(* For any $\varepsilon\in(0,1)$ there exists an infinite $\varepsilon$-synchronization string over an alphabet of size $\Theta(1/\varepsilon^4)$, i.e., an infinite sequence $S=s_1s_2s_3\cdots$ over such an alphabet with $\mathrm{ED}(S[i,j),S[j,k))>(1-\varepsilon)(k-i)$ for all positive integers $i<j<k$.
   Context: $\mathrm{ED}$ is the minimum number of insertions and deletions transforming one string into another. $S[i,j)$ denotes the consecutive substring $s_i s_{i+1}\cdots s_{j-1}$. *)

From HB Require Import structures.
From mathcomp Require Import all_boot all_order all_algebra.
From mathcomp Require Import boolp reals.
Set Implicit Arguments. Unset Strict Implicit. Unset Printing Implicit Defensive.
Import Order.TTheory GRing.Theory Num.Theory.

Inductive edit_op (T : Type) := Ins of nat & T | Del of nat.

Definition apply_op (T : Type) (o : edit_op T) (s : seq T) : seq T :=
  match o with
  | Ins i a => take i s ++ a :: drop i s
  | Del i => take i s ++ drop i.+1 s
  end.

Definition apply_ops (T : Type) (ops : seq (edit_op T)) (s : seq T) : seq T :=
  foldl (fun u o => apply_op o u) s ops.

Lemma ED_exists (T : Type) (s t : seq T) :
  exists n, `[< exists ops : seq (edit_op T), size ops = n /\ apply_ops ops s = t >].
Proof.
exists (size s + size t); apply/asboolP.
exists (nseq (size s) (Del T 0) ++ map (fun a => Ins 0 a) (rev t)).
split; first by rewrite size_cat size_nseq size_map size_rev.
rewrite /apply_ops foldl_cat.
have -> : foldl (fun u o => apply_op o u) s (nseq (size s) (Del T 0)) = [::].
  by elim: s => //= a s IH; rewrite drop0.
have H : forall u, foldl (fun u o => apply_op o u) u
                      (map (fun a => Ins 0 a) (rev t)) = t ++ u.
  elim: t => //= x t IH u.
  by rewrite rev_cons map_rcons foldl_rcons IH /= take0 drop0.
by rewrite H cats0.
Qed.

Definition ED (T : Type) (s t : seq T) : nat := ex_minn (ED_exists s t).

(* S[i,j) = s_i s_(i+1) ... s_(j-1) for an infinite string S = s_1 s_2 ...,
   represented as a function nat -> T where s_m = S m (S 0 is unused). *)
Definition substr (T : Type) (S : nat -> T) (i j : nat) : seq T :=
  [seq S m | m <- iota i (j - i)].

Local Open Scope ring_scope.

Definition inf_sync_string (R : realType) (eps : R) (T : Type) (S : nat -> T) :=
  forall i j k : nat, (0 < i)%N -> (i < j)%N -> (j < k)%N ->
    (1 - eps) * (k - i)%:R < (ED (substr S i j) (substr S j k))%:R.

From HB Require Import structures.
From mathcomp Require Import all_boot all_order all_algebra.
From mathcomp Require Import boolp reals.
From mathcomp Require Import zify ring lra.
Import Order.TTheory GRing.Theory Num.Theory.
Set Implicit Arguments. Unset Strict Implicit. Unset Printing Implicit Defensive.

(* Fix N with 1 < eps N.  Call a word long-square-free if no factor u of it
   contains, as a subsequence, a square c ++ c with |c| = ceil(|u| / 2N).
   If ED(S[i,j), S[j,k)) <= (1 - eps)(k - i), the two factors have a common
   subsequence of length at least eps (k - i) / 2 > (k - i) / 2N, and
   truncating its two copies gives such a square in S[i,k); so an infinite
   word all of whose prefixes are long-square-free is an eps-synchronization
   string.

   Over an alphabet of size q >= 4096 N^4 such words exist in every length,
   by Rosenfeld's counting: if C_n counts the free words of length n and B_L
   the words of length L with a long square, then
   q C_n <= C_(n+1) + sum_i C_i B_(n+1-i), while
   B_L <= binom(L, 2k) q^(L-k) <= q^L (64 N^2 / q)^k with k = ceil(L / 2N).
   By induction C_(n+1) >= (q / rho) C_n with rho = 1 + 1/2N, so C_n > 0.
   Koenig's lemma gives an infinite word, and N = floor(1/eps) + 1 makes
   q = 4096 N^4 of order eps^-4. *)

Lemma sum_nat_of_bool (I : Type) (s : seq I) (p : pred I) :
  \sum_(x <- s) p x = count p s.
Proof. by rewrite -sumn_count sumnE big_map. Qed.

Lemma leq_sum_mem (I : eqType) (s : seq I) (F : I -> nat) x :
  x \in s -> F x <= \sum_(y <- s) F y.
Proof.
elim: s => [|y s IH] //; rewrite inE big_cons => /orP [/eqP ->|/IH H].
  exact: leq_addr.
exact: leq_trans H (leq_addl _ _).
Qed.

Section Words.
Variable T : finType.

Fixpoint words (n : nat) : seq (seq T) :=
  if n is n'.+1 then [seq x :: w | x <- enum T, w <- words n'] else [:: [::]].

Lemma mem_words n w : (w \in words n) = (size w == n).
Proof.
elim: n w => [|n IH] [|x w] //=.
- by apply/negbTE/allpairsP => -[[y v] [_ _]].
- apply/allpairsP/idP => [[[y v] [/= _ Hv [_ ->]]]|Hw]; first by rewrite /= eqSS -IH.
  by exists (x, w); rewrite /= mem_enum IH.
Qed.

Lemma size_words n : size (words n) = #|T| ^ n.
Proof. by elim: n => [|n IH] //=; rewrite size_allpairs IH -cardE expnS. Qed.

Lemma sum_words_const n c : \sum_(u <- words n) c = #|T| ^ n * c.
Proof. by rewrite big_const_seq count_predT size_words iter_addn_0 mulnC. Qed.

Lemma big_words_cat (F : seq T -> seq T -> nat) m l :
  \sum_(u <- words (m + l)) F (take m u) (drop m u) =
  \sum_(u1 <- words m) \sum_(u2 <- words l) F u1 u2.
Proof.
elim: m F => [|m IH] F.
  rewrite add0n big_cons big_nil addn0; apply: eq_bigr => u _.
  by rewrite take0 drop0.
rewrite addSn /= !big_allpairs_dep; apply: eq_bigr => x _ /=.
exact: (IH (fun a b => F (x :: a) b)).
Qed.

Lemma big_words_rcons n (F : seq T -> nat) :
  \sum_(u <- words n.+1) F u = \sum_(w <- words n) \sum_(v <- words 1) F (w ++ v).
Proof.
rewrite -addn1 -(big_words_cat (fun a b => F (a ++ b))).
by apply: eq_bigr => u _; rewrite cat_take_drop.
Qed.

End Words.

Lemma card_bitseq_count L j : \sum_(m <- words bool L) (count id m == j) = 'C(L, j).
Proof.
elim: L j => [|L IH] j.
  by rewrite /= big_cons big_nil addn0 bin0n eq_sym.
rewrite /= big_allpairs_dep /= big_enum /= big_bool /=.
case: j => [|j].
  under eq_bigr do rewrite add1n.
  rewrite big1 // add0n bin0.
  under eq_bigr do rewrite add0n.
  by rewrite IH bin0.
under eq_bigr do rewrite add1n eqSS.
under [X in _ + X]eq_bigr do rewrite add0n.
by rewrite !IH binS addnC.
Qed.

Section MaskCounting.
Variable T : finType.

Lemma card_words_mask_eq (m : bitseq) (s : seq T) :
  \sum_(u <- words T (size m)) (mask m u == s) <= #|T| ^ (size m - count id m).
Proof.
elim: m s => [|b m IH] s.
  by rewrite /= big_cons big_nil addn0; case: (_ == _).
rewrite /= big_allpairs_dep /=; case: b => /=.
  rewrite add1n subSS; case: s => [|y s].
    by rewrite big1 // => x _; rewrite big1.
  rewrite (eq_bigr (fun x => (x == y) * \sum_(u <- words T (size m)) (mask m u == s))).
    rewrite -big_distrl /= sum_nat_of_bool count_uniq_mem ?enum_uniq //.
    by rewrite mem_enum mul1n IH.
  move=> x _; rewrite big_distrr /=; apply: eq_bigr => u _.
  by rewrite eqseq_cons; case: (x == y); rewrite ?mul1n ?mul0n.
rewrite add0n.
apply: (@leq_trans (\sum_(x <- enum T) #|T| ^ (size m - count id m))).
  by apply: leq_sum => x _; exact: IH.
rewrite big_const_seq count_predT -cardE iter_addn_0 mulnC -expnS subSn //.
exact: count_size.
Qed.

§ **WORK INSTRUCTION**: Set down exactly the lines above that run from the start of the listing to the line with "is the minimum". Leave out every later line.

§ **WRITTEN SOLUTION**:
(* For any $\varepsilon\in(0,1)$ there exists an infinite $\varepsilon$-synchronization string over an alphabet of size $\Theta(1/\varepsilon^4)$, i.e., an infinite sequence $S=s_1s_2s_3\cdots$ over such an alphabet with $\mathrm{ED}(S[i,j),S[j,k))>(1-\varepsilon)(k-i)$ for all positive integers $i<j<k$.
   Context: $\mathrm{ED}$ is the minimum number of insertions and deletions transforming one string into another. $S[i,j)$ denotes the consecutive substring $s_i s_{i+1}\cdots s_{j-1}$. *)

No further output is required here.